Collected data:
■ ■ ■ ■ ■ ■ ■

Lemma fsum_le P Q l : (forall x, In x l -> P x <= Q x) -> fsum P l <= fsum Q l.
Proof.
  induction l as [|a l IH]; simpl; intros H; [lra|].
  assert (P a <= Q a) by auto; assert (fsum P l <= fsum Q l) by auto; lra.
Qed.

Lemma fsum_le0 P l : (forall x, In x l -> P x <= 0) -> fsum P l <= 0.
Proof.
  induction l as [|a l IH]; simpl; intros H; [lra|].
  assert (P a <= 0) by auto; assert (fsum P l <= 0) by auto; lra.
Qed.

Lemma fsum_const c l : fsum (fun _ => c) l = INR (length l) * c.
Proof.
  induction l as [|a l IH]; [simpl; ring|].
  change (c + fsum (fun _ => c) l = INR (S (length l)) * c); rewrite IH, S_INR; ring.
Qed.

Lemma fsum_scale c P l : fsum (fun x => c * P x) l = c * fsum P l.
Proof. induction l as [|a l IH]; simpl; [ring|rewrite IH; ring]. Qed.

Lemma fsum_sub_scale c P Q l :
  fsum (fun x => P x - c * Q x) l = fsum P l - c * fsum Q l.
Proof. induction l as [|a l IH]; simpl; [ring|rewrite IH; ring]. Qed.

Lemma fsum_INR (g : T -> nat) l :
  fsum (fun x => INR (g x)) l = INR (list_sum (map g l)).
Proof. induction l as [|a l IH]; simpl; [reflexivity|rewrite IH, plus_INR; reflexivity]. Qed.

Lemma fsum_INR_div (g : T -> nat) c l :
  fsum (fun x => INR (g x) / c) l = INR (list_sum (map g l)) / c.
Proof.
  induction l as [|a l IH]; simpl fsum; [simpl; lra|].
  rewrite IH; simpl; rewrite plus_INR; lra.
Qed.

Lemma fsum_remove P a l : (forall x, 0 <= P x) -> In a l ->
  P a + fsum P (remove classic_eq_dec a l) <= fsum P l.
Proof.
  intros HP; induction l as [|b l IH]; simpl; intros Hin; [contradiction|].
  destruct (classic_eq_dec a b) as [<-|Hab].
  - assert (fsum P (remove classic_eq_dec a l) <= fsum P l); [|lra].
    clear IH Hin; induction l as [|c l IH]; simpl; [lra|].
    destruct (classic_eq_dec a c); simpl; specialize (HP c); lra.
  - destruct Hin as [->|Hin]; [congruence|simpl; specialize (IH Hin); lra].
Qed.

Lemma fsum_le_of_support P l' l : (forall x, 0 <= P x) -> NoDup l' ->
  (forall x, In x l' -> P x = 0 \/ In x l) -> fsum P l' <= fsum P l.
Proof.
  intros HP Hl'; revert l; induction Hl' as [|a l' Ha Hl' IH]; intros l Hsupp; simpl.
  - now apply fsum_ge0.
  - destruct (Hsupp a (or_introl eq_refl)) as [-> | Hin].
    + assert (fsum P l' <= fsum P l); [|lra].
      apply IH; intros; apply Hsupp; right; assumption.
    + apply Rle_trans with (P a + fsum P (remove classic_eq_dec a l));
        [|now apply fsum_remove].
      apply Rplus_le_compat_l, IH; intros x Hx.
      destruct (Hsupp x (or_intror Hx)) as [|Hxl]; [now left|right].
      apply in_in_remove; [intros ->; contradiction|assumption].
Qed.

Lemma fsum_le_at_single_point P e r l : NoDup l -> P e <= r ->
  (forall x, x <> e -> P x <= 0) -> 0 <= r -> fsum P l <= r.
Proof.
  intros Hl He Hneg Hr; induction Hl as [|a l Ha Hl IH]; simpl; [lra|].
  destruct (classic_eq_dec a e) as [->|Hae].
  - assert (fsum P l <= 0); [|lra].
    apply fsum_le0; intros x Hx; apply Hneg; intros ->; contradiction.
  - specialize (Hneg a Hae); lra.
Qed.

End FiniteSums.

Lemma fsum_map {T U : Type} (P : U -> R) (f : T -> U) l :
  fsum P (map f l) = fsum (fun x => P (f x)) l.
Proof. induction l as [|a l IH]; simpl; [reflexivity|rewrite IH; reflexivity]. Qed.

Section Probability.

Context {T : Type}.
Variables (P : T -> R) (A : T -> Prop).
Hypothesis P_ge0 : forall x, 0 <= P x.

Lemma partial_masses_le_fsum l : (forall x, A x -> P x = 0 \/ In x l) ->
  is_upper_bound (partial_masses P A) (fsum P l).
Proof.
  intros Hsupp s (l' & Hl' & HA & ->).
  apply fsum_le_of_support; auto.
Qed.

Lemma prob_le_fsum p l : prob P A p ->
  (forall x, A x -> P x = 0 \/ In x l) -> p <= fsum P l.
Proof. intros Hp Hsupp; apply Hp, partial_masses_le_fsum, Hsupp. Qed.

Lemma prob_fsum l : NoDup l -> (forall x, In x l -> A x) ->
  (forall x, A x -> P x = 0 \/ In x l) -> prob P A (fsum P l).
Proof.
  intros Hl HA Hsupp; split; [now apply partial_masses_le_fsum|].
  intros b Hb; apply Hb; exists l; auto.
Qed.

End Probability.

Lemma fsum_le_prob {T : Type} (P : T -> R) (A : T -> Prop) p l :
  prob P A p -> NoDup l -> (forall x, In x l -> A x) -> fsum P l <= p.
Proof. intros Hp Hl HA; apply Hp; exists l; auto. Qed.

Lemma prob_empty {T : Type} (P : T -> R) : prob P (fun _ => False) 0.
Proof.
  split.
  - intros s ([|x l] & _ & Hl & ->); [simpl; lra|].
    exfalso; apply (Hl x); now left.
  - intros b Hb; apply Hb; exists nil; repeat split; [constructor|intros x []].
Qed.

Lemma Egamma_set_le_dominated_off {T : Type} gamma (P Q : T -> R) S e v :
  0 <= gamma -> (forall y, 0 <= P y) -> 0 <= Q e -> NoDup S ->
  (forall y, P y = 0 \/ In y S) -> (forall y, y <> e -> P y <= gamma * Q y) ->
  Egamma_set gamma P Q v -> v <= P e.
Proof.
  intros Hg HP HQe HS Hsupp Hdom (A & pa & qa & Hpa & Hqa & ->).
  set (SA := filter_prop A S).
  assert (HSA : NoDup SA) by (apply NoDup_filter; assumption).
  assert (Hpa' : pa <= fsum P SA).
  { apply (prob_le_fsum P A); [assumption..|].
    intros y Hy; destruct (Hsupp y) as [|HyS]; [now left|right].
    now apply filter_prop_In. }
  assert (Hqa' : gamma * fsum Q SA <= gamma * qa).
  { apply Rmult_le_compat_l; [assumption|].
    apply (fsum_le_prob Q A); [assumption..|].
    intros y Hy; now apply filter_prop_In in Hy. }
  assert (Hdiff : fsum (fun y => P y - gamma * Q y) SA <= P e).
  { apply (fsum_le_at_single_point _ e); [assumption| | |apply HP].
    - assert (0 <= gamma * Q e) by now apply Rmult_le_pos. lra.
    - intros y Hy; specialize (Hdom y Hy); lra. }
  rewrite fsum_sub_scale in Hdiff; lra.
Qed.

Lemma Egamma_exists_le {T : Type} gamma (P Q : T -> R) r :
  (forall v, Egamma_set gamma P Q v -> v <= r) ->
  exists e, Egamma gamma P Q e /\ e <= r.
Proof.
  intros Hub; destruct (completeness (Egamma_set gamma P Q)) as [e He].
  - now exists r.
  - exists 0, (fun _ => False), 0, 0.
    split; [apply prob_empty|split; [apply prob_empty|ring]].
  - exists e; split; [assumption|]; apply He; exact Hub.
Qed.

Lemma enumerate_of_bounded_NoDup {T : Type} (A : T -> Prop) (N : nat) :
  (forall l, NoDup l -> (forall x, In x l -> A x) -> (length l <= N)%nat) ->
  exists l, NoDup l /\ forall x, A x <-> In x l.
Proof.
  intros Hbound.
  assert (Hgrow : forall d l0, NoDup l0 -> (forall x, In x l0 -> A x) ->
            (N - length l0 <= d)%nat -> exists l, NoDup l /\ forall x, A x <-> In x l).
  { induction d as [|d IH]; intros l0 Hl0 HA0 Hd;
      (destruct (classic (exists x, A x /\ ~ In x l0)) as [(x & Hx & Hnx)|Hall];
       [|exists l0; split; [assumption|intros y; split; [|now apply HA0]];
         intros Hy; apply NNPP; intros Hny; apply Hall; now exists y]).
    all: assert (Hx0 : NoDup (x :: l0)) by (constructor; assumption).
    all: assert (Hxl0 : forall y, In y (x :: l0) -> A y) by (intros y [<-|Hy]; auto).
    - specialize (Hbound _ Hx0 Hxl0); simpl in Hbound; lia.
    - apply (IH (x :: l0)); auto; simpl; lia. }
  apply (Hgrow N nil); [constructor|intros x []|lia].
Qed.

Lemma enumerate_heavy_atoms {T : Type} (P : T -> R) (A : T -> Prop) (c : R) :
  is_distribution P -> 0 < c -> (forall x, A x -> c <= P x) ->
  exists l, NoDup l /\ forall x, A x <-> In x l.
Proof.
  intros [HP Htotal] Hc Hheavy.
  destruct (INR_archimed c 1 Hc) as [N HN].
  apply (enumerate_of_bounded_NoDup A N); intros l Hl HA.
  assert (Hmass : INR (length l) * c <= 1).
  { rewrite <- fsum_const; apply Rle_trans with (fsum P l).
    - apply fsum_le; auto.
    - apply (fsum_le_prob P (fun _ => True)); auto. }
  apply INR_le; apply (Rmult_le_reg_r c); lra.
Qed.

Lemma info_le_mass {T : Type} (P : T -> R) gamma M x :
  0 < gamma * INR M -> info_le P gamma M x -> 1 <= gamma * INR M * P x.
Proof.
  intros HgM [HPx Hln].
  assert (Hinv : 1 / P x <= gamma * INR M).
  { destruct (Rle_or_lt (1 / P x) (gamma * INR M)) as [|Hlt]; [assumption|].
    apply ln_increasing in Hlt; lra. }
  apply (Rmult_le_compat_r (P x)) in Hinv; [|lra].
  replace (1 / P x * P x) with 1 in Hinv by (field; lra); lra.
Qed.

Definition nat_floor (t : R) : nat := Z.to_nat (Int_part t).

Lemma nat_floor_spec t : 0 <= t -> INR (nat_floor t) <= t < INR (nat_floor t) + 1.
Proof.
  intros Ht; destruct (base_Int_part t) as [Hle Hgt].
  assert (Hpos : (-1 < Int_part t)%Z) by (apply lt_IZR; lra).
  unfold nat_floor; rewrite INR_IZR_INZ, Z2Nat.id by lia; lra.
Qed.

Lemma le_twice_nat_floor t : 1 <= t -> t <= 2 * INR (nat_floor t).
Proof.
  intros Ht; destruct (nat_floor_spec t) as [Hle Hlt]; [lra|].
  assert (1 <= INR (nat_floor t)); [|lra].
  destruct (nat_floor t) as [|n]; [simpl in Hlt; lra|].
  rewrite S_INR; pose proof (pos_INR n); lra.
Qed.

Section Allocation.

Context {T : Type}.
Variable k : T -> nat.

Fixpoint alloc (l : list T) (b : nat) (x : T) : nat :=
  match l with
  | nil => 0%nat
  | a :: t =>
      if classic_eq_dec x a then Nat.min (k a) b
      else alloc t (b - Nat.min (k a) b) x
  end.

Lemma alloc_le l b x : (alloc l b x <= k x)%nat.
Proof.
  revert b; induction l as [|a l IH]; intros b; simpl; [lia|].
  destruct (classic_eq_dec x a) as [->|]; [lia|apply IH].
Qed.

■ ■ ■ ■ ■ ■ ■

Exercise directions. All that belongs in your answer is the stretch of entries above from the line with "split; [apply prob_empty|split;" through the line with "intros Hbound.", printed exactly.

Completed exercise.
    split; [apply prob_empty|split; [apply prob_empty|ring]].
  - exists e; split; [assumption|]; apply He; exact Hub.
Qed.

Lemma enumerate_of_bounded_NoDup {T : Type} (A : T -> Prop) (N : nat) :
  (forall l, NoDup l -> (forall x, In x l -> A x) -> (length l <= N)%nat) ->
  exists l, NoDup l /\ forall x, A x <-> In x l.
Proof.
  intros Hbound.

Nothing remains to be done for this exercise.